Half channels mediating H+ transport and the mechanism of gating in the Fo sector of Escherichia coli F1Fo ATP synthase

Abstract

H+-transporting F1Fo ATP synthase catalyzes the synthesis of ATP via coupled rotary motors within Fo and F1. H+ transport at the subunit a–c interface in trans-membranous Fo drives rotation of the c-ring within the membrane, with subunit c being bound in a complex with the γ and ε subunits extending from the membrane. Finally, the rotation of subunit γ within the α3β3 sector of F1 mechanically drives ATP synthesis within the catalytic sites.
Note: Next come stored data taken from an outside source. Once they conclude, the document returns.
Lemma derivable_pt_lim_Rpower_comp f x l e : 0 < f x -> derivable_pt_lim f x l ->
  derivable_pt_lim (fun y => Rpower (f y) e) x (e * Rpower (f x) (e - 1) * l).
Proof.
  intros Hpos D. apply (derivable_pt_lim_comp f (fun u => Rpower u e)); auto.
  now apply derivable_pt_lim_power.
Qed.

Lemma derivable_pt_lim_reflect f x l :
  derivable_pt_lim f (- x) l -> derivable_pt_lim (fun y => f (- y)) x (- l).
Proof.
  intros D; apply derivable_pt_lim_mirr_fwd. now rewrite Ropp_involutive.
Qed.

Lemma derivable_pt_lim_locally_const f x l a b c : a < x < b ->
  (forall y, a < y < b -> f y = c) -> derivable_pt_lim f x l -> l = 0.
Proof.
  intros Hx Hc D. apply (uniqueness_limite (fun _ => c) x); [|apply derivable_pt_lim_const].
  apply (derivable_pt_lim_locally_ext f _ x a b); auto.
Qed.

Lemma derivable_pt_lim_interior_max f x l a b : a < x < b ->
  (forall y, a < y < b -> f y <= f x) -> derivable_pt_lim f x l -> l = 0.
Proof.
  intros Hx Hmax D. assert (pr : derivable_pt f x) by now exists l.
  rewrite <- (derive_pt_eq_0 f x l pr D).
  apply (deriv_maximum f a b x pr); try lra. intros; apply Hmax; lra.
Qed.

Lemma derivable_pt_lim_nonneg_at_zero f x l b : x < b -> f x = 0 ->
  (forall y, x < y < b -> 0 < f y) -> derivable_pt_lim f x l -> 0 <= l.
Proof.
  intros Hb Hx Hpos D. apply Rnot_lt_le; intros Hl.
  destruct (D (- l)) as [d Hd]; [lra|].
  set (h := Rmin (d / 2) ((b - x) / 2)).
  assert (Hh : 0 < h <= d / 2)
    by (split; [apply Rmin_pos|apply Rmin_l]; pose proof (cond_pos d); lra).
  assert (Hhb : h <= (b - x) / 2) by apply Rmin_r.
  assert (Hq := Hd h ltac:(lra) ltac:(rewrite Rabs_right; lra)).
  rewrite Hx, Rminus_0_r in Hq. apply Rabs_def2 in Hq as [Hq _].
  assert (Hf := Hpos (x + h) ltac:(lra)).
  assert (0 < f (x + h) / h) by (apply Rdiv_lt_0_compat; lra). lra.
Qed.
In this review, we propose and provide evidence supporting the route of proton transfer via half channels from one side of the membrane to the other, and the mechanism of gating H+ binding to and release from Asp61 of subunit c, via conformational movements of Arg210 in subunit a. We propose that protons are gated from the inside of a four-helix bundle at the periplasmic side of subunit a to drive protonation of cAsp61, and that this gating movement is facilitated by the swiveling of trans-membrane helices (TMHs) 4 and 5 at the site of interaction with cAsp61 on the periphery of the c-ring. Proton release to the cytoplasmic half channel is facilitated by the movement of aArg210 as a consequence of this proposed helical swiveling. Finally, release from the cytoplasmic half channel is mediated by residues in a complex of interacting extra-membraneous loops formed between TMHs of both subunits a and c. This article is part of a Special Issue entitled: 18th European Bioenergetic Conference.